How Fast Do Homing Pigeons Go? Homing pigeons have an amazing ability to find their way home over extremely long distances. How fast do they go on these trips? In the 2019 Midwest Classic, held in Topeka, Kansas, the fastest bird went 1676 YPM (yards per minute), which is about 56 miles per hour. The top seven finishers included three female pigeons (Hens) and four male pigeons (Cocks). Their speeds, in YPM, are given in Table below.

#a) How many cases are there in this dataset? How many variables are there and what are they? Is each variable categorical or quantitative? # There are 7 cases, 2 variables: gender and velocity. Gender is qualitative and velocity is quanitative.

b) Use R to display the information as a dataset with cases as rows and variables as columns. See the smoke example. You may not have row names or just pigeon1, pigeon2,

print("Pigeon Speeds")
## [1] "Pigeon Speeds"
pigeonSpeeds <- matrix(c(1676,1452,1499,1458,1435,1418,1413),ncol=2,nrow=7,byrow=TRUE)
colnames(pigeonSpeeds) <- c("Gender","Speed")
rownames(pigeonSpeeds) <- c("pigeon1","pigeon2","pigeon3","pigeon4","pigeon5","pigeon6","pigeon7")
pigeon <- as.table(pigeonSpeeds)
pigeon
##         Gender Speed
## pigeon1   1676  1452
## pigeon2   1499  1458
## pigeon3   1435  1418
## pigeon4   1413  1676
## pigeon5   1452  1499
## pigeon6   1458  1435
## pigeon7   1418  1413
henTimes <- c(1676, 1452, 1499)
cockTimes <- c(1458, 1435, 1418, 1413)
print("Original Table")
## [1] "Original Table"
cat("Hen ", henTimes,"\n")
## Hen  1676 1452 1499
cat("Cock", cockTimes, "\n\n")
## Cock 1458 1435 1418 1413
print("Example of Table Using a Matrix")
## [1] "Example of Table Using a Matrix"
smoke <- matrix(c(51,43,22,92,28,21,68,22,9),ncol=3,byrow=TRUE)
colnames(smoke) <- c("High","Low","Middle")
rownames(smoke) <- c("current","former","never")
smoke <- as.table(smoke)
smoke
##         High Low Middle
## current   51  43     22
## former    92  28     21
## never     68  22      9

Question 2: 1.62 from our book

Pennsylvania High School Seniors describes a dataset, stored in PASeniors, for a sample of students who filled out a survey though the US Census at School project. When downloading the sample we specified Pennsylvania as the state and Grade 12 as the school year, then the website chose a random sample of 457 students from among all students who matched those criteria. We’d like to generalize results from this sample to a larger population. Discuss whether this would be reasonable for each of the groups listed below.

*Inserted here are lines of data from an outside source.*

Lemma list_sum_map_mul_le {B : Type} (f : B -> nat) (l : list B) k M :
  (forall b, In b l -> f b * k <= M) -> list_sum (map f l) * k <= length l * M.
Proof.
  induction l as [|b l IH]; intros Hf; simpl; auto.
  specialize (Hf b (or_introl eq_refl)) as Hb. specialize (IH (fun b' Hb' => Hf b' (or_intror Hb'))). nia.
Qed.

Lemma NoDup_list_prod {A B : Type} (l1 : list A) (l2 : list B) :
  NoDup l1 -> NoDup l2 -> NoDup (list_prod l1 l2).
Proof.
  induction l1 as [|a l1 IH]; intros H1 H2; simpl; [constructor|].
  inversion H1; subst. apply NoDup_app; auto.
  - apply NoDup_map_NoDup_ForallPairs; auto. intros x y _ _ E. injection E; auto.
  - intros [a' b] Hin Hin'. apply in_map_iff in Hin as [b' [E _]]. injection E as <- _.
    apply in_prod_iff in Hin' as [Ha _]. contradiction.
Qed.

(** * Grids of tuples *)

Section Tuples.
Variable X : Type.

Fixpoint tuples (Us : list (list X)) : list (list X) :=
  match Us with
  | [] => [[]]
  | U :: Us' => flat_map (fun x => map (cons x) (tuples Us')) U
  end.

Lemma in_tuples_cons x t U Us : In x U -> In t (tuples Us) -> In (x :: t) (tuples (U :: Us)).
Proof. intros Hx Ht. simpl. apply in_flat_map. exists x. split; auto. apply in_map; auto. Qed.

Lemma in_tuples Us t x0 :
  In t (tuples Us) ->
  length t = length Us /\ forall i, i < length Us -> In (nth i t x0) (nth i Us []).
Proof.
  revert t. induction Us as [|U Us IH]; intros t Ht; simpl in *.
  - destruct Ht as [<-|[]]. split; auto. lia.
  - apply in_flat_map in Ht as [x [Hx Ht]]. apply in_map_iff in Ht as [t' [<- Ht']].
    destruct (IH t' Ht') as [Hlen Hnth]. simpl. split; [lia|].
    intros [|i] Hi; simpl; auto. apply Hnth. lia.
Qed.

Lemma length_tuples Us s :
  (forall U, In U Us -> length U = s) -> length (tuples Us) = s ^ length Us.
Proof.
  induction Us as [|U Us IH]; intros HU; simpl; auto.
  rewrite length_flat_map, (map_ext _ (fun _ => s ^ length Us)).
  - transitivity (length U * s ^ length Us).
    + clear. induction U as [|x U IHU]; simpl; lia.
    + rewrite (HU U (or_introl eq_refl)). reflexivity.
  - intro x. rewrite length_map. apply IH. intros; apply HU; right; auto.
Qed.

Variable x0 : X.

Definition agree_off (d : nat) (t t' : list X) : Prop :=
  forall i, i <> d -> nth i t x0 = nth i t' x0.

Definition single_on_lines (Us : list (list X)) (d : nat) (Q : list X -> Prop) : Prop :=
  forall t t', In t (tuples Us) -> In t' (tuples Us) -> agree_off d t t' -> Q t -> Q t' -> t = t'.

Lemma count_sat_single_on_lines Us s d Q :
  (forall U, In U Us -> length U = s /\ NoDup U) -> d < length Us -> single_on_lines Us d Q ->
  count_sat Q (tuples Us) <= s ^ (length Us - 1).
Proof.
  revert d Q. induction Us as [|U Us IH]; intros d Q HU Hd HQ; simpl in Hd; [lia|].
  destruct (HU U (or_introl eq_refl)) as [HUlen HUnd].
  assert (HUs : forall U', In U' Us -> length U' = s /\ NoDup U') by (intros; apply HU; right; auto).
  simpl tuples. rewrite count_sat_flat_map.
  rewrite (map_ext _ (fun x => count_sat (fun t => Q (x :: t)) (tuples Us))).
  2:{ intro x. unfold count_sat, filter_sat. rewrite filter_map_swap, length_map. reflexivity. }
  simpl length. replace (S (length Us) - 1) with (length Us) by lia.
  destruct d as [|d].
  - rewrite (list_sum_count_sat_comm (fun x t => Q (x :: t))).
    rewrite <- (length_tuples Us s) by (intros; apply HUs; auto).
    replace (length (tuples Us)) with (length (tuples Us) * 1) by lia.
    apply list_sum_map_le_mul. intros t Ht. apply count_sat_le_1; auto.
    intros x y Hx Hy HQx HQy.
    assert (E : x :: t = y :: t) by (apply HQ; auto using in_tuples_cons; intros [|i] Hi; simpl; auto; lia).
    injection E; auto.
  - destruct (length Us) as [|k] eqn:Ek; [lia|].
    rewrite Nat.pow_succ_r', <- HUlen at 1. apply list_sum_map_le_mul.
    intros x Hx. replace k with (S k - 1) by lia. apply (IH d); auto; [lia|].
    intros t t' Ht Ht' Hag HQt HQt'.
    assert (E : x :: t = x :: t')
      by (apply HQ; auto using in_tuples_cons; intros [|i] Hi; simpl; auto; apply Hag; lia).
    injection E; auto.
Qed.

a) The 457 students in the original sample.

The results would be highly reasonable to infer on this sample because they are the source of the survey.

b) All Pennsylvania high school seniors who participated in the Census at School survey.

#It would be fairly reasonable to assume that the results from the Census at School could be inferred onto students in grades 9-11. # c) All Pennsylvania high school seniors. #It would be fair to assume the results from the Census at School could be inferred for all Pennsylvania high school students, however, there would be more deviation from the original 457 students polled. # d) All students in the United States who participated in the Census at School survey. #It is unreasonable to infer a sample size of 457 onto a very large population such as all students in the US who took the poll

Question 3: 1.108 from our book

Infections Can Lower IQ A headline in June 2015 proclaims “Infections can lower IQ.” The headline is based on a study in which scientists gave an IQ test to Danish men at age 19. They also analyzed the hospital records of the men and found that 35% of them had been in a hospital with an infection such as an STI or a urinary tract infection. The average IQ score was lower for the men who had an infection than for the men who hadn’t.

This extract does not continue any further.